JB: That’s right. When a neurosurgeon settles in on the arm rest pad for a procedure, you are required to remain in a “yogic” position for three to four hours at a time.
So the foot pedals and the toggle switches on the new system contribute to that. The left foot pedal has about 16 different switches and a joy stick that controls the direction, zoom and depth the microscope. Your right foot operates four or five different controls. Of course, each hand does things and even your mouth controls something.
You have to be ready to activate all of those with all of your limbs at any moment, otherwise you lose valuable seconds. This is why access to information through the augmented eyepiece is important.
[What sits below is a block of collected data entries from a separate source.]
Lemma ldiv_continuous : continuous (fun p : T * T => mul (inv p.1) p.2).
Proof.
move=> p; apply: (@continuous_comp _ _ _ (fun p : T * T => (inv p.1, p.2))
  (fun p : T * T => mul p.1 p.2)); last exact: mul_continuous.
apply: cvg_pair; last exact: cvg_snd.
by apply: continuous_comp; [exact: cvg_fst | exact: inv_continuous].
Qed.

Lemma compact_image (f : T -> T) A : continuous f -> compact A -> compact (f @` A).
Proof. by move=> fc; apply: continuous_compact; exact: continuous_subspaceT. Qed.

Lemma compact_setM A B : compact A -> compact B ->
  compact [set mul a b | a in A & b in B].
Proof.
move=> cA cB.
have -> : [set mul a b | a in A & b in B] = (fun p : T * T => mul p.1 p.2) @` (A `*` B).
  apply/seteqP; split => z.
  - by case=> a Aa [b Bb <-]; exists (a, b).
  - by case=> [[a b] [/= Aa Bb] <-]; exists a => //; exists b.
apply: continuous_compact; last exact: compact_setX.
by apply: continuous_subspaceT; exact: mul_continuous.
Qed.

Lemma nbhs_lmul a {U} : nbhs e U -> nbhs a [set y | U (mul (inv a) y)].
Proof. by have := lmul_continuous (inv a) a; rewrite /continuous_at mulVx; apply. Qed.

Lemma open_lmul_preimage a W : open W -> open [set y | W (mul a y)].
Proof. by move=> oW; move/continuousP: (lmul_continuous a); apply. Qed.

Lemma nbhs1_ldiv_sub {U} : nbhs e U ->
  exists W, [/\ open W, W e & forall x y, W x -> W y -> U (mul (inv x) y)].
Proof.
move=> hU.
have := ldiv_continuous (e, e); rewrite /continuous_at /= inv1 mul1x => /(_ U hU).
case=> [[A1 A2]] /= [h1 h2] hA.
exists (interior (A1 `&` A2)); split.
- exact: open_interior.
- by apply: nbhs_singleton; apply: nbhs_interior; exact: filterI.
- move=> x y /nbhs_singleton [Ax _] /nbhs_singleton [_ Ay].
  exact: (hA (x, y)).
Qed.

Lemma compact_nbhs1 : exists U, compact U /\ nbhs e U.
Proof. by case: HG => _ _ _ _ [_ /(_ e)]. Qed.

Lemma compact_translates (l : seq T) U : compact U ->
  compact [set z | exists2 y, y \in l & U (mul (inv y) z)].
Proof.
move=> cU; elim: l => [|y l IH].
  rewrite (_ : [set z | _] = set0); first exact: compact0.
  by apply/seteqP; split => z //= [].
rewrite (_ : [set z | _] =
  (mul y @` U) `|` [set z | exists2 y, y \in l & U (mul (inv y) z)]).
  by apply: compactU => //; apply: compact_image => //; exact: lmul_continuous.
apply/seteqP; split => z /=.
- case=> y0; rewrite in_cons => /orP[/eqP -> Uz|yl Uz].
    by left; exists (mul (inv y) z) => //; rewrite mulKV.
  by right; exists y0.
- case=> [[u Uu <-]|[y0 yl Uz]]; first by exists y; rewrite ?mem_head ?mulK.
  by exists y0 => //; rewrite in_cons yl orbT.
Qed.

Lemma separated_seq_escapes {U} {a : nat -> T} : nbhs e U ->
  (forall m n, (m < n)%N -> ~ U (mul (inv (a m)) (a n))) ->
  forall K, compact K -> exists N, forall n, (N <= n)%N -> ~ K (a n).
Proof.
move=> hU a_sep K cK.
have [W [oW We hW]] := nbhs1_ldiv_sub hU.
have [l Kl] : exists l : seq T,
    forall z, K z -> exists2 x, x \in l & W (mul (inv x) z).
  apply: (@compact_cover_seq T T K (fun x => [set z | W (mul (inv x) z)]) cK).
    by move=> x; apply: open_lmul_preimage.
  by move=> z _; exists z => /=; rewrite mulVx.
(* Two distinct terms of [a] never lie in the same translate of W. *)
have Wx_once x : exists Nx, forall n, (Nx <= n)%N -> ~ W (mul (inv x) (a n)).
  case: (pselect (exists n, W (mul (inv x) (a n)))) => [[n Wn]|none].
    exists n.+1 => m nm Wm; apply: (a_sep n m nm).
    by rewrite -(ldiv_lmul x); apply: hW.
  by exists 0%N => n _ Wn; apply: none; exists n.
pose Nx x := sval (cid (Wx_once x)).
exists (\max_(x <- l) Nx x) => n Nn /Kl [x xl Wx].
have := @leq_bigmax_seq _ l xpredT Nx x xl isT.
by rewrite /Nx; case: cid => /= N' HN' N'le; apply: HN' (leq_trans N'le Nn) Wx.
Qed.

Lemma uniform_metric_ldiv_compact {R : realType} {d : T -> T -> R} :
  uniform_metric mul inv d -> forall r : R,
  exists K, compact K /\ forall g h, d g h <= r -> K (mul (inv g) h).
Proof.
move=> d_unif r; have [U [cU hU]] := compact_nbhs1.
suff [l Ul] : exists l : seq T, forall g h, d g h <= r ->
    exists2 y, y \in l & U (mul (inv y) (mul (inv g) h)).
  exists [set z | exists2 y, y \in l & U (mul (inv y) z)].
  by split; [exact: compact_translates | move=> g h /Ul].
apply: contrapT => no_cover.
have escape (l : seq T) : exists p : T * T, d p.1 p.2 <= r /\
    ~ (exists2 y, y \in l & U (mul (inv y) (mul (inv p.1) p.2))).
  apply: contrapT => H; apply: no_cover; exists l => g h dgh.
  by apply: contrapT => H'; apply: H; exists (g, h).
pose pt l := sval (cid (escape l)).
(* [L n] lists the first [n] displacements [a 0], ..., [a n.-1]. *)
pose L := fix L n := if n is n'.+1
  then rcons (L n') (mul (inv (pt (L n')).1) (pt (L n')).2) else [::].
pose g n := (pt (L n)).1; pose h n := (pt (L n)).2.
pose a n := mul (inv (g n)) (h n).
have d_gh n : d (g n) (h n) <= r by rewrite /g /h /pt; case: cid => /= p [].
have a_new n : ~ (exists2 y, y \in L n & U (mul (inv y) (a n))).
  by rewrite /a /g /h /pt; case: cid => /= p [].
have a_in_L m n : (m < n)%N -> a m \in L n.
  elim: n => [//|n IH]; rewrite ltnS leq_eqVlt => /orP[/eqP ->|mn].
    by rewrite /= mem_rcons mem_head.
  by rewrite /= mem_rcons in_cons (IH mn) orbT.
have a_sep m n : (m < n)%N -> ~ U (mul (inv (a m)) (a n)).
  by move=> mn Uan; apply: (a_new n); exists (a m) => //; exact: a_in_L.
have [N HN] := proj2 (d_unif g h) (separated_seq_escapes hU a_sep) r.
by move: (HN N (leqnn N)); rewrite ltNge d_gh.
Qed.
Lemma isometry_ip x y : ip (T x) (T y) = ip x y.
Proof.
have linT := isoT.1.
have cross (a b c d w z : R[i]) : a + w + (c + b) = a + z + (d + b) -> w + c = z + d.
  by move=> h; transitivity (a + w + (c + b) - a - b); [ring | rewrite h; ring].
(* polarization: both identities come from expanding [|T v|^2 = |v|^2] *)
apply: complex_eq_from_Re.
  have := isometry_ipxx (x + y); rewrite linear_opD //.
  rewrite !ipDl !ipDr !isometry_ipxx [ip (T y) (T x)]ipC [ip y x]ipC; exact: cross.
have := isometry_ipxx ('i *: x + y); rewrite linT.
rewrite !ipDl !ipDr !ipZl !ipZr !isometry_ipxx [ip (T y) (T x)]ipC [ip y x]ipC.
exact: cross.
Qed.

Lemma isometry_inj : injective T.
Proof.
move=> x y Txy; apply/eqP; rewrite -subr_eq0; apply/eqP; apply: hnorm_eq0.
by rewrite -isoT.2 linear_opB ?Txy ?subrr ?hnorm0 //; exact: isoT.1.
Qed.

Lemma surj_isometry_unitary : (forall x, exists y, T y = x) -> unitary ip T.
Proof.
move=> surjT; split; first exact: isoT.1.
pose S x := projT1 (cid (surjT x)).
have TS x : T (S x) = x by exact: projT2 (cid (surjT x)).
exists S; split => [x y|x|//].
- by rewrite -{1}(TS y) isometry_ip.
- by apply: isometry_inj; rewrite TS.
Qed.

Lemma isometry_range_closed : complete_space ip -> forall x,
  (forall e, 0 < e -> exists y, hnorm ip (x - T y) < e) -> exists y, T y = x.
Proof.
move=> complH x approx.
pose ys m := projT1 (cid (approx _ (invSn_gt0 R m))).
have x_ys m : hnorm ip (x - T (ys m)) < m.+1%:R^-1 := projT2 (cid (approx _ (invSn_gt0 R m))).
have x_ys_small e : 0 < e -> exists N, forall n, (N <= n)%N -> hnorm ip (x - T (ys n)) < e.
  move=> /exists_invSn_lt [N ltN]; exists N => n leNn.
  exact: lt_le_trans (x_ys n) (le_trans (lef_invSn _ leNn) (ltW ltN)).
have [l ys_l] : exists l, forall e, 0 < e ->
    exists N, forall n, (N <= n)%N -> hnorm ip (ys n - l) < e.
  apply: complH => e e0; have /x_ys_small [N hN] : 0 < e / 2 by rewrite divr_gt0.
  exists N => m n /hN xm /hN xn; rewrite -isoT.2 linear_opB; last exact: isoT.1.
  apply: le_lt_trans (hnorm_distD _ x _) _.
  by rewrite hnorm_distC [e]splitr ltrD.
exists l; apply/eqP; rewrite -subr_eq0; apply/eqP; apply: hnorm_eq0_lt.
move=> e e0; have e2 : 0 < e / 2 by rewrite divr_gt0.
have [N1 hN1] := ys_l _ e2.
have [N2 hN2] := x_ys_small _ e2; set n := maxn N1 N2.
apply: le_lt_trans (hnorm_distD _ (T (ys n)) _) _.
rewrite -linear_opB; last exact: isoT.1.
rewrite isoT.2 hnorm_distC [hnorm ip (T _ - x)]hnorm_distC [e]splitr.
by rewrite ltrD ?hN1 ?hN2 ?leq_maxl ?leq_maxr.
Qed.

End Isometry.

Definition reflection (w v : H) := v - (2 * ip v w / ip w w) *: w.

Lemma reflection_linear w : linear_op (reflection w).
Proof.
move=> a x y; rewrite /reflection ipDl ipZl.
have -> : 2 * (a * ip x w + ip y w) / ip w w =
  a * (2 * ip x w / ip w w) + 2 * ip y w / ip w w by ring.
by rewrite scalerDl scalerBr scalerA opprD addrACA.
Qed.

Lemma reflection_id w v : ip v w = 0 -> reflection w v = v.
Proof. by move=> h; rewrite /reflection h mulr0 mul0r scale0r subr0. Qed.

Lemma reflection_ipxx w v : ip w w != 0 -> ip (reflection w v) (reflection w v) = ip v v.
Proof.
move=> w_neq0; have conj_ww : Num.conj (ip w w) = ip w w by rewrite ipxx conjC_real.
rewrite /reflection !ipBl !ipBr !ipZl !ipZr [ip w v]ipC !rmorphM /= fmorphV /=.
by rewrite conj_ww rmorph_nat; field.
Qed.

Lemma reflection_isometry T w : ip w w != 0 -> Defs.isometry ip T ->
  Defs.isometry ip (reflection w \o T).
Proof.
move=> w_neq0 [linT isoT]; split=> [a x y|x] /=.
  by rewrite linT reflection_linear.
by rewrite /hnorm reflection_ipxx // -/(hnorm _ _) isoT.
Qed.

Section Swap.
Variables u r : H.
Hypotheses (uu_rr : ip u u = ip r r) (u_orth_r : ip u r = 0) (u_neq0 : ip u u != 0).

Lemma ip_swap_vector : ip (u - r) (u - r) = 2 * ip u u.
Proof. by rewrite !ipBl !ipBr [ip r u]ipC u_orth_r -uu_rr rmorph0; ring. Qed.

Lemma reflection_swap : reflection (u - r) u = r.
Proof.
rewrite /reflection ip_swap_vector ipBr u_orth_r subr0 divff.
  by rewrite scale1r opprB addrC subrK.
by rewrite mulf_neq0 // pnatr_eq0.
Qed.

End Swap.

Lemma isometry_extend_range (T : H -> H) (isoT : Defs.isometry ip T) n (y : 'I_n -> H) x :
  infinite_dimensional H ->
  exists S, [/\ Defs.isometry ip S, forall i, S (y i) = T (y i) & exists z, S z = x].
Proof.
move=> infH; have linT := isoT.1.
set s := [seq T (y i) | i <- enum 'I_n].
pose M v := exists q, v = T q.
have M0 : M 0 by exists 0; rewrite linear_op0.
have Mlin a u v : M u -> M v -> M (a *: u + v).
  by move=> [q1 ->] [q2 ->]; exists (a *: q1 + q2); rewrite linT.
have Ms a : a \in s -> M a by move=> /mapP [i _ ->]; exists (y i).
have [_ [[q0 ->] Tq0_span x_Tq0]] := orth_projection M0 Mlin Ms x.
set r := x - T q0.
have [r0|r_neq0] := eqVneq r 0.
  by exists T; split => //; exists q0; apply/eqP; rewrite eq_sym -subr_eq0 -/r r0.
have [z0 [z0_neq0 z0_orth]] := exists_image_orth linT infH (r :: s).
have /negP z0n_neq0 : hnorm ip z0 != 0 by apply: contra z0_neq0 => /eqP/hnorm_eq0 ->.
have rn_neq0 : hnorm ip r != 0 by apply: contra r_neq0 => /eqP/hnorm_eq0 ->.
set u := (hnorm ip r / hnorm ip z0)%:C *: T z0.
have u_norm : hnorm ip u = hnorm ip r.
  by rewrite hnormZ_real isoT.2 ger0_norm ?divfK ?divr_ge0 ?hnorm_ge0 //; apply/negP.
have u_s b : b \in s -> ip u b = 0 by move=> b_s; rewrite ipZl z0_orth ?mulr0 // inE b_s orbT.
have u_orth_r : ip u r = 0 by rewrite ipZl z0_orth ?mulr0 ?mem_head.
have uu_rr : ip u u = ip r r by rewrite !ipxx u_norm.
have u_neq0 : ip u u != 0.
  by rewrite ipxx u_norm; apply: contra rn_neq0 => /eqP [] /eqP; rewrite sqrf_eq0.
have w_neq0 : ip (u - r) (u - r) != 0.
  by rewrite ip_swap_vector // mulf_neq0 // pnatr_eq0.
exists (reflection (u - r) \o T); split.
- exact: reflection_isometry.
- move=> i /=; apply: reflection_id.
  have Tyi_s : T (y i) \in s by apply: map_f; rewrite mem_enum.
  by rewrite ipBr ipC u_s // (ipC r) x_Tq0 // rmorph0 subrr.
exists (q0 + (hnorm ip r / hnorm ip z0)%:C *: z0) => /=.
rewrite linear_opD // linear_opZ // -/u linear_opD; last exact: reflection_linear.
rewrite reflection_swap // reflection_id; first by rewrite /r addrC subrK.
by rewrite ipBr ipC (Tq0_span u u_s) (ipC r) (Tq0_span r x_Tq0) rmorph0 subrr.
Qed.

End InnerProduct.

Section NowhereDense.
Variables (R : realType) (H : lmodType R[i]) (ip : H -> H -> R[i]).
You are already going on all four burners so if you have to stop in order to consider “outside” information and then return and regain situational awareness - going back and forth between the “GPS map” and what you are doing - it is exhausting and distracting.
HCB News: Since you have been involved in the development of this technology, what can you say about its health care business prospects?
JB: With the craze of Pokeman Go and other games like Oculus we are seeing a growing awareness of the practical application of virtual and augmented realities. What we are doing in the operation room is augmentation. That is clearly becoming mainstream.
Ten or fifteen years ago, when surgical navigation was just coming into the field, you had to be a devotee and a real believer to make it work. But it rapidly permeated the field and now it is a standard of care and you cannot imagine doing many of our procedures without it.
Augmented reality, automation, and the digital operating room are with us. Not everyone is going to be able to have it initially, but in my opinion, everyone is going to have it in a very short time. This is quickly going to become a standard of care.